Should Deschamps have everyone available, the Bleus XI picks itself, with Jules Kounde firmly ousting Benjamin Pavard in the right-back position and Theo Hernandez doing a competent job in the absence of his stricken brother Lucas Hernandez, who suffered a torn ACL in their opening match with Australia.

France’s all-time leading male goalscorer Giroud could become the oldest player in history to score five goals in a single World Cup should he make the net ripple here, and while Kylian Mbappe was kept relatively quiet by England, Les Bleus have now won all 10 World Cup games in which the 23-year-old has started.

Meanwhile, Morocco striker Walid Cheddira received two yellow cards in quick succession against Portugal and will be suspended for the semi-final, but the 24-year-old was never expected to push for a starting berth.

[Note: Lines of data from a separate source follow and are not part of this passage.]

(* A descending chain of congruences stabilizes as soon as the quotient by
   its intersection r is finitely cogenerated: the induced congruences on A/r
   intersect to the diagonal, so finitely many of them already do, and from
   the largest of their indices on the chain equals r. *)
Lemma chain_stabilizes_of_fcog_quotient {M : monoid} (A : ract M)
    (rho : nat -> A -> A -> Prop) (r : A -> A -> Prop) (Hr : congruence A r) :
  (forall n, congruence A (rho n)) ->
  (forall n a b, rho (S n) a b -> rho n a b) ->
  (forall a b, r a b <-> forall n, rho n a b) ->
  finitely_cogenerated (quotient_act A r Hr) ->
  exists N, forall m, N <= m -> forall a b, rho N a b -> rho m a b.
Proof.
  intros Hc Hd Hint Hfcog.
  assert (Hrrho : forall n a b, r a b -> rho n a b) by (intros n a b H; apply Hint, H).
  destruct (Hfcog nat (fun n => quot_rel A r (rho n))) as [J HJ].
  - intros n; apply quot_rel_congruence; auto.
  - intros u v; pattern u; apply quot_ind; intros a; pattern v; apply quot_ind;
      intros b H.
    apply quot_cls_eq; [exact Hr|]; apply Hint; intros n.
    apply (quot_rel_cls A r Hr (rho n)); auto.
  - exists (list_max J); intros m Hm a b Hab.
    assert (Hcls : quot_cls A r a = quot_cls A r b).
    { apply HJ; intros j Hj; apply quot_rel_cls; auto.
      assert (Hjle : j <= list_max J).
      { pose proof (proj1 (list_max_le J (list_max J)) (le_n _)) as Hall.
        rewrite Forall_forall in Hall; auto. }
      apply (descending_le (fun k => rho k a b) (fun k => Hd k a b) j (list_max J));
        auto. }
    apply Hint, (quot_cls_inj A r Hr); exact Hcls.
Qed.

(* (iv) => (i): apply the previous lemma to S_S, whose quotients are cyclic,
   hence finitely generated. *)
Lemma fcog_right_artinian (M : monoid) :
  (forall A : ract M, finitely_generated A -> finitely_cogenerated A) ->
  right_artinian M.
Proof.
  intros H rho Hc Hd.
  pose proof (congruence_intersection (fun _ : nat => True) rho (fun n _ => Hc n))
    as Hr.
  apply (chain_stabilizes_of_fcog_quotient _ rho _ Hr Hc Hd).
  - intros a b; split; auto.
  - apply H, (fg_image _ (quot_cls_hom _ _ Hr) (quot_cls_onto _ _ Hr)), regular_fg.
Qed.

Theorem mainTheorem12 (S : monoid) :
  (right_artinian S <-> exists G : ract S, generator G /\ artinian_act G) /\
  (right_artinian S <-> forall A : ract S, finitely_generated A -> artinian_act A) /\
  (right_artinian S <-> forall A : ract S, finitely_generated A -> finitely_cogenerated A).
Proof.
  split; [|split].
  - split.
    + intros H; exists (regular_act S); split; [apply regular_generator | exact H].
    + intros (G & (f & Hf & Hs) & HG); exact (artinian_image f Hf Hs HG).
  - split; [apply fg_artinian |].
    intros H; apply H, regular_fg.
  - split; [|apply fcog_right_artinian].
    intros H A HA; apply artinian_finitely_cogenerated, fg_artinian; assumption.
Qed.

West Ham United’s Aguerd missed the quarter-final win over Portugal after sustaining an adductor injury against France in the last 16, but Regragui will pull out all the stops to have him available after Romain Saiss had to be stretchered off on Saturday due to an ongoing hamstring issue.

Saiss has affirmed that he will do everything in his power to be fit for the semi-final, where Mazraoui could also force his way back into the fray from a hip flexor problem, and Hakim Ziyech will expect to be fine despite also being forced off over the weekend.

However, Regragui can rest easy after witnessing the determined performances of Yahia Attiyat Allah and Jawad El Yamiq against Portugal, and at least one of the duo should be required in some capacity here.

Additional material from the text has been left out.